Exercise ::
Go through the listing and copy each line that has the string "KdotD" in it.

** Opening Data for review block **

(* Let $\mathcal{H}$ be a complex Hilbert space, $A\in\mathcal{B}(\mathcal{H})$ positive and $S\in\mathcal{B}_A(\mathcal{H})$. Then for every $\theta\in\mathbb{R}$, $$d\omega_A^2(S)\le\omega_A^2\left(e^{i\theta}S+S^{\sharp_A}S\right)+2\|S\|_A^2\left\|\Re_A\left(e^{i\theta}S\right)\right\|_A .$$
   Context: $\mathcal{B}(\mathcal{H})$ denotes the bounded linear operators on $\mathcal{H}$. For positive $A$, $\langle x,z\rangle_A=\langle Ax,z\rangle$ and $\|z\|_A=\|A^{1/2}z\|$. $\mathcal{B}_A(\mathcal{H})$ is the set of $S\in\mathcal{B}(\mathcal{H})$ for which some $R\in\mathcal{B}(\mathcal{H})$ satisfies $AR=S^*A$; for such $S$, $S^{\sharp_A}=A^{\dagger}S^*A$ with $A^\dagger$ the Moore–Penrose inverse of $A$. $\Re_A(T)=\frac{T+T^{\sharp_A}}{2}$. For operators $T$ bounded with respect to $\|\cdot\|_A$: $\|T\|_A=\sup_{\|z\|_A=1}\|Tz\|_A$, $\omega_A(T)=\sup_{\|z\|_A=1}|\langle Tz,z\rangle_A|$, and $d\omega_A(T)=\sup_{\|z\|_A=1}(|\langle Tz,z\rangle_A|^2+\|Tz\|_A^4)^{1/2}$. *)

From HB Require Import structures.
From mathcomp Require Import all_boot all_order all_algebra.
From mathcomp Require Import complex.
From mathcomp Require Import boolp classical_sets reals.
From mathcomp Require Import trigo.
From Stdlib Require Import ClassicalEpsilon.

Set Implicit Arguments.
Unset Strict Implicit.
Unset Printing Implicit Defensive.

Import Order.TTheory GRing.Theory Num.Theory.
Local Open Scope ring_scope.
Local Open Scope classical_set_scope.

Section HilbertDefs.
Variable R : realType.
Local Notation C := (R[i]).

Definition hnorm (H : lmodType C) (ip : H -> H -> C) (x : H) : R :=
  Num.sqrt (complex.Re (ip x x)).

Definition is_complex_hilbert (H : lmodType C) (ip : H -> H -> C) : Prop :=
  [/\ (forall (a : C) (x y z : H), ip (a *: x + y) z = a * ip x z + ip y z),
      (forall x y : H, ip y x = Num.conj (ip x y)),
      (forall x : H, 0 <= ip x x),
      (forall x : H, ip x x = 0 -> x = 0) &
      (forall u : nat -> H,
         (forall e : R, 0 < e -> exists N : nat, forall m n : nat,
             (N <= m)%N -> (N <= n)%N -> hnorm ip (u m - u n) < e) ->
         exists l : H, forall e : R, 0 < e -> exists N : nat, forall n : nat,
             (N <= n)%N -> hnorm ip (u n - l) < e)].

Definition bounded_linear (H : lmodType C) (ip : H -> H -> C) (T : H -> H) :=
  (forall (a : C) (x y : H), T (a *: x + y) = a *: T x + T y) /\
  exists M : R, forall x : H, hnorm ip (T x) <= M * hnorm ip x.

** Closing Data for review block **
** Opening Data for review block **

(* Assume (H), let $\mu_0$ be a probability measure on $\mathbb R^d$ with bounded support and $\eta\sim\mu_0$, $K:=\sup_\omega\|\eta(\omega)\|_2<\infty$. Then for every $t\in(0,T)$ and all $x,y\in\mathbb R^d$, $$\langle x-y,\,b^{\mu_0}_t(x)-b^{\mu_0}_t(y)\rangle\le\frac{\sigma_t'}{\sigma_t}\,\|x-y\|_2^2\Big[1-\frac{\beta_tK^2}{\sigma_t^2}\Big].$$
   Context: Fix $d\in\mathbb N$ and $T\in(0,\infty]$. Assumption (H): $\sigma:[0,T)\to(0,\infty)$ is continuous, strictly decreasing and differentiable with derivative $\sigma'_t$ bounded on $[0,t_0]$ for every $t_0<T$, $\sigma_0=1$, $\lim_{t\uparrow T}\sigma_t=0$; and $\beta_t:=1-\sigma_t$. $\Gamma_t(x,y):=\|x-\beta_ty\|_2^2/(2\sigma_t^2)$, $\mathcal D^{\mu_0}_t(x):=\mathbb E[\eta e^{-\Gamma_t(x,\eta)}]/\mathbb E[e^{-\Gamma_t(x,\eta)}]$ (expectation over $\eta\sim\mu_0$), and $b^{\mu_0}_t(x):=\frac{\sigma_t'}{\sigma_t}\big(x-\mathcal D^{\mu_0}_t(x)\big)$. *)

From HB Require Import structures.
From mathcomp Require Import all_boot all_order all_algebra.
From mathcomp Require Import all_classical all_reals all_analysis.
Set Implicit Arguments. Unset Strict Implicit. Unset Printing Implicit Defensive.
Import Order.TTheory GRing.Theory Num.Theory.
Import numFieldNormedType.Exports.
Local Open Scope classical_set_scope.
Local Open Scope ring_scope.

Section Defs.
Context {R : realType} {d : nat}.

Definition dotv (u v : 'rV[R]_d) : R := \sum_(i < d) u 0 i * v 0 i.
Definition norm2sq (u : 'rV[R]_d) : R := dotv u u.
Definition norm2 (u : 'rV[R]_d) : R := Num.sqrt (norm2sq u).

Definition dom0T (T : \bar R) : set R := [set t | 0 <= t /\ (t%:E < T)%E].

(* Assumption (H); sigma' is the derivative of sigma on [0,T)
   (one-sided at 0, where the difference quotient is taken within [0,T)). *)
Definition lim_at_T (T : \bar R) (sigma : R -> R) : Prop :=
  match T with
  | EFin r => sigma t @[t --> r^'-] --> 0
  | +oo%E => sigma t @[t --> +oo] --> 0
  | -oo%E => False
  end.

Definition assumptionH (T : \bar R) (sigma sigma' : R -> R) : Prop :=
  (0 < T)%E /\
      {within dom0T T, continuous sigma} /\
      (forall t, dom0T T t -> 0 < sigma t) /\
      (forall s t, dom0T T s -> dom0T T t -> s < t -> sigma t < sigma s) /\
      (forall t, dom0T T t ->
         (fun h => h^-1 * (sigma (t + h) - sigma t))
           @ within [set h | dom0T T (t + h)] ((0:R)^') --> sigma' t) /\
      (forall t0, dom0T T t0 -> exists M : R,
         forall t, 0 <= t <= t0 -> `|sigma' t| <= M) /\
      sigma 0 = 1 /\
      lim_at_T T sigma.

** Closing Data for review block **
** Opening Data for review block **

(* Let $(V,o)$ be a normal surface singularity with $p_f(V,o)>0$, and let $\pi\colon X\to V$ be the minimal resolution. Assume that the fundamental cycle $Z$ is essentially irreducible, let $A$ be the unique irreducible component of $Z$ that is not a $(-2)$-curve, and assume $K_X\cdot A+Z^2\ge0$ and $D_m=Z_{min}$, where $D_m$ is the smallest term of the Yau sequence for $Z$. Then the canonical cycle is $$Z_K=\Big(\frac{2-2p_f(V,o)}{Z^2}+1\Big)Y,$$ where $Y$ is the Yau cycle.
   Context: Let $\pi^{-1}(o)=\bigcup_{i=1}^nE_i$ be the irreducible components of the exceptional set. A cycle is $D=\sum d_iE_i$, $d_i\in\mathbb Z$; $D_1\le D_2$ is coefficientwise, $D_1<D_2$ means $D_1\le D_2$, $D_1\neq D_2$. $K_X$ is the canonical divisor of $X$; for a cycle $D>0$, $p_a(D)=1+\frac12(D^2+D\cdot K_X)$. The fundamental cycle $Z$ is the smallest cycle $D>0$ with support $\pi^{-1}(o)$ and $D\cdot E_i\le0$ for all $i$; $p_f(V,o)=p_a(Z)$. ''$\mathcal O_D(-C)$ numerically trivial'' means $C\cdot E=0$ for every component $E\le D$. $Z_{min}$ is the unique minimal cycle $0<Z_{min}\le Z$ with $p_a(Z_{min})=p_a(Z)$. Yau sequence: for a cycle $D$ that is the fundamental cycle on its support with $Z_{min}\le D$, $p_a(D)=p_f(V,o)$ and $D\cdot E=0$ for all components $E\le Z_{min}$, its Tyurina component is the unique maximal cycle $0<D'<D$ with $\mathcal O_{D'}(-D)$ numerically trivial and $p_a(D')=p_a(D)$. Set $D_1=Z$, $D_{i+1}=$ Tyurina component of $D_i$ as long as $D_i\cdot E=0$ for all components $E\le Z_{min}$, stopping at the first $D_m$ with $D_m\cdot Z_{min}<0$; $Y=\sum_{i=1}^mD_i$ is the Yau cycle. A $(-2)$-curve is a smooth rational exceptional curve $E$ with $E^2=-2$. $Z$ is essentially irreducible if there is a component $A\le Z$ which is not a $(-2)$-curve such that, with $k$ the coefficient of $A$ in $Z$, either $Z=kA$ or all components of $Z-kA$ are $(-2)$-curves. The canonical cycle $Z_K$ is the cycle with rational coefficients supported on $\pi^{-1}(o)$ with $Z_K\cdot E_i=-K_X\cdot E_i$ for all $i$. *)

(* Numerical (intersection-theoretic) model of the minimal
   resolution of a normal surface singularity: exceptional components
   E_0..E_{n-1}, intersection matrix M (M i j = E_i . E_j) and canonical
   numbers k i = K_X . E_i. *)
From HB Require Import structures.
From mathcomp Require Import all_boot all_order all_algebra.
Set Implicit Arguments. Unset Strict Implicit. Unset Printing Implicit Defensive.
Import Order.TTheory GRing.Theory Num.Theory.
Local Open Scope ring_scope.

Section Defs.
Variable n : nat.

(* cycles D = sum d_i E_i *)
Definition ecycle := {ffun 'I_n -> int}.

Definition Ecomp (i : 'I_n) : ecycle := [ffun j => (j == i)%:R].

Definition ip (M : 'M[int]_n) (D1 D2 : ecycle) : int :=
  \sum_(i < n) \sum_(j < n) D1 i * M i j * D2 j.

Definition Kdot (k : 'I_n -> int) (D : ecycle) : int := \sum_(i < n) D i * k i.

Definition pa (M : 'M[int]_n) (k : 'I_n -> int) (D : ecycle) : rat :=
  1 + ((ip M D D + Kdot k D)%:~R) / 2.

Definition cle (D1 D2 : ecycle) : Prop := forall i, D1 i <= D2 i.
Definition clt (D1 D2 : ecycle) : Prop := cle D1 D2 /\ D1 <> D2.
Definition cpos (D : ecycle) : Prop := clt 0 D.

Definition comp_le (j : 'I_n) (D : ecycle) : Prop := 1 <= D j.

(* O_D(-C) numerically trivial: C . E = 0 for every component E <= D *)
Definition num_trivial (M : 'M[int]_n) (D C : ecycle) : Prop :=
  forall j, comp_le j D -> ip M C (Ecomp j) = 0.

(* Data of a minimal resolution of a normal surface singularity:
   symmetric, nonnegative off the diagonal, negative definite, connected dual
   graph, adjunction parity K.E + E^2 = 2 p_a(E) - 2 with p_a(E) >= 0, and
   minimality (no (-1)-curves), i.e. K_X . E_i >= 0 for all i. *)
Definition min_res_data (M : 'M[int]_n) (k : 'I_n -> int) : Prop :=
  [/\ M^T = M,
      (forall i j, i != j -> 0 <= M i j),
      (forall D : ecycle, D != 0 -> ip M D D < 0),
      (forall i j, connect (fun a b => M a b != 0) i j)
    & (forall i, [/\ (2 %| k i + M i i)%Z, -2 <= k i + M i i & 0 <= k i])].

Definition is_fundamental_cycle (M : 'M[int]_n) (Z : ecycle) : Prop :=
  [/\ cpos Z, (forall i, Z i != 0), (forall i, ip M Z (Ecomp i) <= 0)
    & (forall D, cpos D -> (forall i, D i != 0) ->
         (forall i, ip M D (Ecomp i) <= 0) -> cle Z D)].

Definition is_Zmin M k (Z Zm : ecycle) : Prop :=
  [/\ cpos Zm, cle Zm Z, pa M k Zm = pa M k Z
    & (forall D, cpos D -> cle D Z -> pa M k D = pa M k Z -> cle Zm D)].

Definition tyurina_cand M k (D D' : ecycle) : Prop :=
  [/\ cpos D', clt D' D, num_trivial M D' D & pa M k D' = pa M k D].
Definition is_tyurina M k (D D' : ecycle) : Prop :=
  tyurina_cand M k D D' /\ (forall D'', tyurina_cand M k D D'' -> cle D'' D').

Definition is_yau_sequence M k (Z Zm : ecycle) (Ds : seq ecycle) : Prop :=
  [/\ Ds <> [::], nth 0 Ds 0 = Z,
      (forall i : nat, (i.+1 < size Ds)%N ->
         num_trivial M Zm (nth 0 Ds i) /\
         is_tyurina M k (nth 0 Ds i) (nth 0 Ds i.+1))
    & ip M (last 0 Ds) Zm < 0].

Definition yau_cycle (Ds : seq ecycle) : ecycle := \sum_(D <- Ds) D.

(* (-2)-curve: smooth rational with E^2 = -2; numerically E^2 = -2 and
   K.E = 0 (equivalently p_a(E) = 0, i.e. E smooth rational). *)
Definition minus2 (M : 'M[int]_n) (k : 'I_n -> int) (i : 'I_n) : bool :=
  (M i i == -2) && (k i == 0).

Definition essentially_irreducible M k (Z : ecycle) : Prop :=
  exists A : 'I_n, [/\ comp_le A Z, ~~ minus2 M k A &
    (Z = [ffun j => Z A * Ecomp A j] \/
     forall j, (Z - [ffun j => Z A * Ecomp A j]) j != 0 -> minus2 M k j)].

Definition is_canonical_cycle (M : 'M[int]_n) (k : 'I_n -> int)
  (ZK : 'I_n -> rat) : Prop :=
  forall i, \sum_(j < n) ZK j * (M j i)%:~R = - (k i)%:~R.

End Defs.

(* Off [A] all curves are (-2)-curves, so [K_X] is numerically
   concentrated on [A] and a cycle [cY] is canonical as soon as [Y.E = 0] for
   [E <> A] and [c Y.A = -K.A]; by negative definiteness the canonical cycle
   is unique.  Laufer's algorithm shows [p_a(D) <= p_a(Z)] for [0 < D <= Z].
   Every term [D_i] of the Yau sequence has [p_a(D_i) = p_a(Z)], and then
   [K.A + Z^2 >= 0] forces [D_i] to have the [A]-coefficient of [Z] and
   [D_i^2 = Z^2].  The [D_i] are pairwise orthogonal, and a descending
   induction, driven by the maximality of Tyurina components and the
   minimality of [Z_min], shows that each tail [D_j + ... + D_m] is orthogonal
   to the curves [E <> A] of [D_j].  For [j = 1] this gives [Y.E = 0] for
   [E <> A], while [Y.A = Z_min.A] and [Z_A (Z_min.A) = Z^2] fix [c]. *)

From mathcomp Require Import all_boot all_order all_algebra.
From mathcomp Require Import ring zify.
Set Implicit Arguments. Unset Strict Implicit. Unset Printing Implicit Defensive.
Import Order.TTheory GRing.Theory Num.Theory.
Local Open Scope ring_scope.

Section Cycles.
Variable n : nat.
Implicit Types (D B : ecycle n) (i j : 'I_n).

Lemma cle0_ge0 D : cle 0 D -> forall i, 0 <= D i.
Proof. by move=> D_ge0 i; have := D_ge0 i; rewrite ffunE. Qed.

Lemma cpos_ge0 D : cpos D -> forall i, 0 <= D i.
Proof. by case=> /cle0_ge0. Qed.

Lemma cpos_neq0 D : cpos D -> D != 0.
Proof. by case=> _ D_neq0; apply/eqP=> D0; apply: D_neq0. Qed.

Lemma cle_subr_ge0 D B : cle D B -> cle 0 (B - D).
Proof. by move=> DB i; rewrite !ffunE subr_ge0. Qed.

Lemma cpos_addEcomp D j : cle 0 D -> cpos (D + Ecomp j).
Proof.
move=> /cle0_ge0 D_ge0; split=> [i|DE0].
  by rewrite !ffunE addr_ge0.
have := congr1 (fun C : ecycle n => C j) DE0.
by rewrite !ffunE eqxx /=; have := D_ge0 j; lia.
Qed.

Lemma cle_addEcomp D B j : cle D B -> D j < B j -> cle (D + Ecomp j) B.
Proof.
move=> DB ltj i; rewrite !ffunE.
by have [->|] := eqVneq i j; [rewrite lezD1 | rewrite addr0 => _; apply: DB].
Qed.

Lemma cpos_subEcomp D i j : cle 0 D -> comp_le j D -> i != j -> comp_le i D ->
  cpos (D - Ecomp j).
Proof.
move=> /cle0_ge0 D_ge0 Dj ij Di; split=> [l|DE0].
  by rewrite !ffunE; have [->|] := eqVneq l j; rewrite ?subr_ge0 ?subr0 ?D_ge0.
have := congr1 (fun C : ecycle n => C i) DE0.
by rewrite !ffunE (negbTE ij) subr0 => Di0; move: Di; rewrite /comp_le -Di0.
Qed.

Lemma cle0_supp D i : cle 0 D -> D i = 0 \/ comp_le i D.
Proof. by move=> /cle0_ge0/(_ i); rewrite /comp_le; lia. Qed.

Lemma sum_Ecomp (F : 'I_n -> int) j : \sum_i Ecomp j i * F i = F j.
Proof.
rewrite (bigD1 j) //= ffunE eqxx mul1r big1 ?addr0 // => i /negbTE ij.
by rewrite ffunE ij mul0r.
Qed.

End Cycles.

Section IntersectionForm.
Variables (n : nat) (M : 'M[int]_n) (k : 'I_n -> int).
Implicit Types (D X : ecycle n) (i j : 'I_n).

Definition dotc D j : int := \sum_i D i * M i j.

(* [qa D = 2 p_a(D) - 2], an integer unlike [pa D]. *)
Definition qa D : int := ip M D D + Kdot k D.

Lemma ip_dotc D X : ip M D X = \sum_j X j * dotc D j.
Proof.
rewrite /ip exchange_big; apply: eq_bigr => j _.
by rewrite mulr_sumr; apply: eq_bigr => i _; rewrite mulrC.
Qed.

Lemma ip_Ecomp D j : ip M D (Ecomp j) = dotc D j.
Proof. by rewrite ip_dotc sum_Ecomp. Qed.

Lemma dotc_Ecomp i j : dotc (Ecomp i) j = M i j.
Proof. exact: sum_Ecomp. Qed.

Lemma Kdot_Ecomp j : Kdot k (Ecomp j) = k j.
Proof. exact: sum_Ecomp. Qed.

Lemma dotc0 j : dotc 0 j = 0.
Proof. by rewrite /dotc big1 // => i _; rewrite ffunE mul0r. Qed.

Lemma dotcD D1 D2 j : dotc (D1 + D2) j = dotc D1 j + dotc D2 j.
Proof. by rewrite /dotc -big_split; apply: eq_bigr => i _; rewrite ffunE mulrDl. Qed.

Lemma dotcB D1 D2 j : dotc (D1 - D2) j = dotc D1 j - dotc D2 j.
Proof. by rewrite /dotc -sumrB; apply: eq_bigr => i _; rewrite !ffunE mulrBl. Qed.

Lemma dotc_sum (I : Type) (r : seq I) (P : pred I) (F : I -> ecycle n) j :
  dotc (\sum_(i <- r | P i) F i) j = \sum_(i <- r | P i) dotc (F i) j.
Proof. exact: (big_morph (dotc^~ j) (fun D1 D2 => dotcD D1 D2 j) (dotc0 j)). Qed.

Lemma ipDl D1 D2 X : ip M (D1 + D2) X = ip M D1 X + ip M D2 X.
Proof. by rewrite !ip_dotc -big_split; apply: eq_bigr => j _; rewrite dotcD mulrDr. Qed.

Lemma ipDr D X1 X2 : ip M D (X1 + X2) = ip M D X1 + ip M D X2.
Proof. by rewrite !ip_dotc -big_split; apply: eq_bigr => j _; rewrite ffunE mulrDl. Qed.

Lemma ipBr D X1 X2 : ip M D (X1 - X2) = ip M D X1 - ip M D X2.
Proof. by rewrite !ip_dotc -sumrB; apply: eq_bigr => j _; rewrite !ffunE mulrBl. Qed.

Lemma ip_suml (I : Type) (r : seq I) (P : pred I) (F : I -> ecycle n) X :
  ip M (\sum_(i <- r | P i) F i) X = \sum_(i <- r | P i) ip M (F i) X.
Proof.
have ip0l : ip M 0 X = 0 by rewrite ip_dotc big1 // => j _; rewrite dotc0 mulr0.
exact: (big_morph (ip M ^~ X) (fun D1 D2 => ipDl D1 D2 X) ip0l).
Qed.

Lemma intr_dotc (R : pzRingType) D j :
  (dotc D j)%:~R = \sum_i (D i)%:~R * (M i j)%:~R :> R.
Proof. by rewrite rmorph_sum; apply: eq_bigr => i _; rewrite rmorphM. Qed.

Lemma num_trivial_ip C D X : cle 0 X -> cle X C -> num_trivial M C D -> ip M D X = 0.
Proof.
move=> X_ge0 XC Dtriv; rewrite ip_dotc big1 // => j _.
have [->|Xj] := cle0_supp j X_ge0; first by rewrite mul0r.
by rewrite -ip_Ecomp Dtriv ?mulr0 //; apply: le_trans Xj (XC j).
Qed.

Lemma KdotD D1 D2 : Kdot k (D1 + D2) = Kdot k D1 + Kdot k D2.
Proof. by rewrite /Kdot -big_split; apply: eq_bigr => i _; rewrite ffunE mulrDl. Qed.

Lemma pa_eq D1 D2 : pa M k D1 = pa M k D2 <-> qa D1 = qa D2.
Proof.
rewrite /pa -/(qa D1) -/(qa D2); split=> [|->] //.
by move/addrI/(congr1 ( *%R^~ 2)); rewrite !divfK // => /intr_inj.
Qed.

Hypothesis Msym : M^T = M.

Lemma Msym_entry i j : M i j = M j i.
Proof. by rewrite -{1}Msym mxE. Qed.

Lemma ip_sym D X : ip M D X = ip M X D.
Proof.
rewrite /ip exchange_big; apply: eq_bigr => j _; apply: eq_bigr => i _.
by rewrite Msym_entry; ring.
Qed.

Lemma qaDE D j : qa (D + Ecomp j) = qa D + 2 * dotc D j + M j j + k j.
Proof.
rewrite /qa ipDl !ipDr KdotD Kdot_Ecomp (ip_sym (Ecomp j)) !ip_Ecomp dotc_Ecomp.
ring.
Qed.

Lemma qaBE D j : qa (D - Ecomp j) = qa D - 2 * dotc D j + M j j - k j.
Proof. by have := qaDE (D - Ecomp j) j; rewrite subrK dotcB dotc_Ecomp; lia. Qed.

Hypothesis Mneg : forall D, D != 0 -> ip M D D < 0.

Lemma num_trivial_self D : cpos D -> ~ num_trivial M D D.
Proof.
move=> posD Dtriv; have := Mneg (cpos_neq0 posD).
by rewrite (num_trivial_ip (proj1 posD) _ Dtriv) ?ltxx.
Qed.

** Closing Data for review block **

Answer to this exercise ::
Lemma KdotD D1 D2 : Kdot k (D1 + D2) = Kdot k D1 + Kdot k D2.
rewrite /qa ipDl !ipDr KdotD Kdot_Ecomp (ip_sym (Ecomp j)) !ip_Ecomp dotc_Ecomp.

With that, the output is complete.